We call our flask server, hosting the trained model, with fetch('http://127.0.0.1:800/profile'.

Once the profile has been classified, we capture elements that link to the users using the selector $('h1.text-heading-xlarge:contains("${profile.user}")'') or $('div:contains("${profile.user}")'), and change their content to reflect the character we want.

Training our Model - A Sesame Street Lesson

Let's load all the labeled data, and clean it:

DATA = "./data/anonLinkedInProfiles.csv"
data = pd.concat([chunk for chunk in tqdm(pd.read_csv(DATA, chunksize=1000), desc=f'Loadin {DATA}')])
print(f'Shape: {data.shape}, does it have NAs:\n{data.isna().any()}')

data = data.dropna()
data = data.drop(data[(data['descriptions'] == '') | (data['titles'] == '')].index)

print(f'Post fill NAs:\n{data.isna().any()}')
data['class'] = data['class'].apply(lambda x: x.lower())

# For this exercise, keep it small.
data = data.sample(800)
data = data.reset_index() # Reset index, since we will do operations on it!
print(f'Resampled Shape: {data.shape}')

data.head()

Samples

We then build a tokenizer that removes stop words, whitespace, symbols, and reduces the words to their lemmas:

import string
import pandas as pd
import nltk
from sklearn.feature_extraction.text import CountVectorizer
from sklearn.base import TransformerMixin
from nltk.corpus import stopwords
from sklearn.base import TransformerMixin
from nltk.tokenize import sent_tokenize
from nltk.tokenize import ToktokTokenizer
from nltk.stem import WordNetLemmatizer
from nltk.corpus import wordnet 
from nltk import pos_tag

nltk.download('all')

NGRAMS = (2,2) # BGrams only
STOP_WORDS = stopwords.words('english')
SYMBOLS = " ".join(string.punctuation).split(" ") + ["-", "...", "”", "”", "|", "#"]
COMMON_WORDS = [] # to be populated later in our analysis
toktok = ToktokTokenizer()
wnl = WordNetLemmatizer()

def _get_wordnet_pos(word):
    tag = pos_tag([word])[0][1][0].upper()
    tag_dict = {"J": wordnet.ADJ,
                "N": wordnet.NOUN,
                "V": wordnet.VERB,
                "R": wordnet.ADV}

    return tag_dict.get(tag, wordnet.NOUN)

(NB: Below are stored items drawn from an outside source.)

Lemma repeat_or_two_distinct (X : eqType) (s : seq X) :
  1 < size s ->
  (exists2 x, x \in s & 1 < count_mem x s) \/
  exists x y, [/\ x != y, x \in s & y \in s].
Proof.
case: s => [|x s] // s_gt1.
have [x_in | x_notin] := boolP (x \in s).
  left; exists x; first exact: mem_head.
  by rewrite /= eqxx add1n ltnS -has_count has_pred1.
right; case: s s_gt1 x_notin => [|y s] // _ x_notin; exists x, y.
split; [ | exact: mem_head | by rewrite inE mem_head orbT].
by apply: contraNneq x_notin => ->; apply: mem_head.
Qed.

Section Cooperation.
Variables (T : finType) (e : rel T).
Hypotheses (e_sym : symmetric e) (e_irr : irreflexive e).
Variables (P U : dist T) (c : T) (t : seq (move T)) (D2 : dist T).
Hypotheses (c_coop : coop_vertex e P U c) (ht : run e (addD P U) t = Some D2)
  (t_out : all (fun m => m.1 != c) t).

Lemma senders_edge d : d \in senders c t -> e c d.
Proof. by rewrite mem_senders e_sym => /(allP (run_edges ht)). Qed.

Lemma senders_neq d : d \in senders c t -> d != c.
Proof. by rewrite mem_senders => /(allP t_out). Qed.

Lemma run_drop_moves_into_c :
  exists2 E', run e (addD P U) [seq m <- t | m.2 != c] = Some E' &
    forall x, x != c -> D2 x + 2 * count_mem x (senders c t) <= E' x.
Proof.
have [x _ | E' hE' E'x] := run_drop_moves_into (E := addD P U) (off := fun=> 0) ht t_out.
  by rewrite addn0.
by exists E' => // x xc; have := E'x x xc; rewrite addn0.
Qed.

Lemma senders_coop_excess d k :
  0 < k <= count_mem d (senders c t) -> ((2 * k).-1%:Z <= coop_excess e P U d)%R.
Proof.
case/andP=> k_gt0 k_le.
have dS : d \in senders c t by rewrite -has_pred1 has_count; lia.
have [E' hE' E'x] := run_drop_moves_into_c.
have [_ [nPc nUc]] := c_coop.
have edc : e d c by rewrite e_sym senders_edge.
apply: (coop_excess_ge e_irr edc (senders_neq dS) nPc nUc).
exists [seq m <- t | m.2 != c], E'; split=> //.
by have := E'x d (senders_neq dS); lia.
Qed.

Lemma senders_Mlt d m :
  d \in senders c t -> coop_used e P U c t <= m -> Mlt (Mval e P U d) (Some m).
Proof.
move=> dS used_le; have [E' hE' E'x] := run_drop_moves_into_c.
have E'd : 1 < E' d.
  by have := E'x d (senders_neq dS); rewrite -has_pred1 has_count in dS; lia.
have [m' -> /= m'_le] := Mval_le_coop_used hE' E'd.
apply: leq_ltn_trans m'_le (leq_trans _ used_le).
exact: coop_used_drop_lt c_coop t_out dS.
Qed.

End Cooperation.

Theorem claim3p5 (T : finType) (e : rel T)
  (e_sym : symmetric e) (e_irr : irreflexive e)
  (P : T -> nat) (u : T) (n : nat) (n_pos : (0 < n)%N) (disj : P u = 0%N)
  (c : T)
  (c_coop : coop_vertex e P (unitD u n) c)
  (c_2reach : kreachable e (addD P (unitD u n)) c 2) :
  (exists f1 f2 : T, f1 != f2 /\ e c f1 /\ e c f2 /\
     (1 <= coop_excess e P (unitD u n) f1)%R /\
     (1 <= coop_excess e P (unitD u n) f2)%R /\
     Mlt (Mval e P (unitD u n) f1) (Mval e P (unitD u n) c) /\
     Mlt (Mval e P (unitD u n) f2) (Mval e P (unitD u n) c))
  \/
  (exists d : T, e c d /\
     (3 <= coop_excess e P (unitD u n) d)%R /\
     Mlt (Mval e P (unitD u n) d) (Mval e P (unitD u n) c)).
Proof.
have [mc [-> [s [D' [hs [D'c used_s]]]]]] := Mval_attained c_2reach.
have c_empty := coop_vertex_empty c_coop.
have c_lt2 : addD P (unitD u n) c < 2 by rewrite c_empty.
have [t [D2 [ht D2c t_out ts]]] := run_cut_at_2 hs c_lt2 D'c.
have used_t := leq_trans (coop_used_subset e P (unitD u n) c ts) used_s.
have two_received : 1 < size (senders c t).
  by have := run_received ht t_out; rewrite c_empty add0n => <-.
have exc1 d : d \in senders c t -> (1 <= coop_excess e P (unitD u n) d)%R.
  by move=> dS; apply: (senders_coop_excess e_sym e_irr c_coop ht t_out (k := 1));
    rewrite /= -has_count has_pred1.
have [[d dS d_twice] | [d1 [d2 [d12 d1S d2S]]]] := repeat_or_two_distinct two_received.
  right; exists d; split; first exact: (senders_edge e_sym ht dS).
  split; last exact: (senders_Mlt c_coop ht t_out dS used_t).
  exact: (senders_coop_excess e_sym e_irr c_coop ht t_out (k := 2)).
left; exists d1, d2; do !split=> //.
- exact: (senders_edge e_sym ht d1S).
- exact: (senders_edge e_sym ht d2S).
- exact: (exc1 _ d1S).
- exact: (exc1 _ d2S).
- exact: (senders_Mlt c_coop ht t_out d1S used_t).
- exact: (senders_Mlt c_coop ht t_out d2S used_t).
Qed.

# Creating our tokenizer function. Can also use a TFIDF
def custom_tokenizer(sentence):
    # Let's use some speed here.
    tokens = [toktok.tokenize(sent) for sent in sent_tokenize(sentence)]
    tokens = [wnl.lemmatize(word, _get_wordnet_pos(word)) for word in tokens[0]]
    tokens = [word.lower().strip() for word in tokens]
    tokens = [tok for tok in tokens if (tok not in STOP_WORDS and tok not in SYMBOLS and tok not in COMMON_WORDS)]

    return tokens

class predictors(TransformerMixin):
    def transform(self, X, **transform_params):
        return [clean_text(text) for text in X]

    def fit(self, X, y=None, **fit_params):
        return self

    def get_params(self, deep=True):
        return {}


def clean_text(text):
    if (type(text) == str):
        text = text.strip().replace("\n", " ").replace("\r", " ")
        text = text.lower()
    else:
        text = "NA"
    return text

bow_vector = CountVectorizer(
    tokenizer=custom_tokenizer, ngram_range=NGRAMS)

WE do the standard training and test data split:

from sklearn.model_selection import train_test_split
from sklearn import preprocessing

le = preprocessing.LabelEncoder()

# Combine features for NLP.
X = data['titles'].astype(str) +  ' ' + data['descriptions'].astype(str)
ylabels = le.fit_transform(data['class'])

train_ratio = 0.75
validation_ratio = 0.15
test_ratio = 0.10

# train is now 75% of the entire data set
X_train, X_test, y_train, y_test = train_test_split(X, ylabels, test_size=1 - train_ratio)
X_val, X_test, y_val, y_test = train_test_split(X_test, y_test, test_size=test_ratio/(test_ratio + validation_ratio))

And we should be ready to go.

But before, let's do some analysis to get a sense of what descriptions our model will be injesting, being the ngrams that make up our selected profiles:

import seaborn as sns
from sklearn.feature_selection import chi2

def get_top_n_dependant_ngrams(corpus, corpus_labels, ngram=1, n=3):
    # use a private vectorizer.
    _vect = CountVectorizer(tokenizer=custom_tokenizer,
                            ngram_range=(ngram, ngram))
    vect = _vect.fit(tqdm(corpus, "fn:fit"))
    bow_vect = vect.transform(tqdm(corpus, "fn:transform"))
    features = bow_vect.toarray()

    labels = np.unique(corpus_labels)
    ngrams_dict = {}
    for label in tqdm(labels, "fn:labels"):
        corpus_label_filtered = corpus_labels == label
        features_chi2 = chi2(features, corpus_label_filtered)
        feature_names = np.array(_vect.get_feature_names_out())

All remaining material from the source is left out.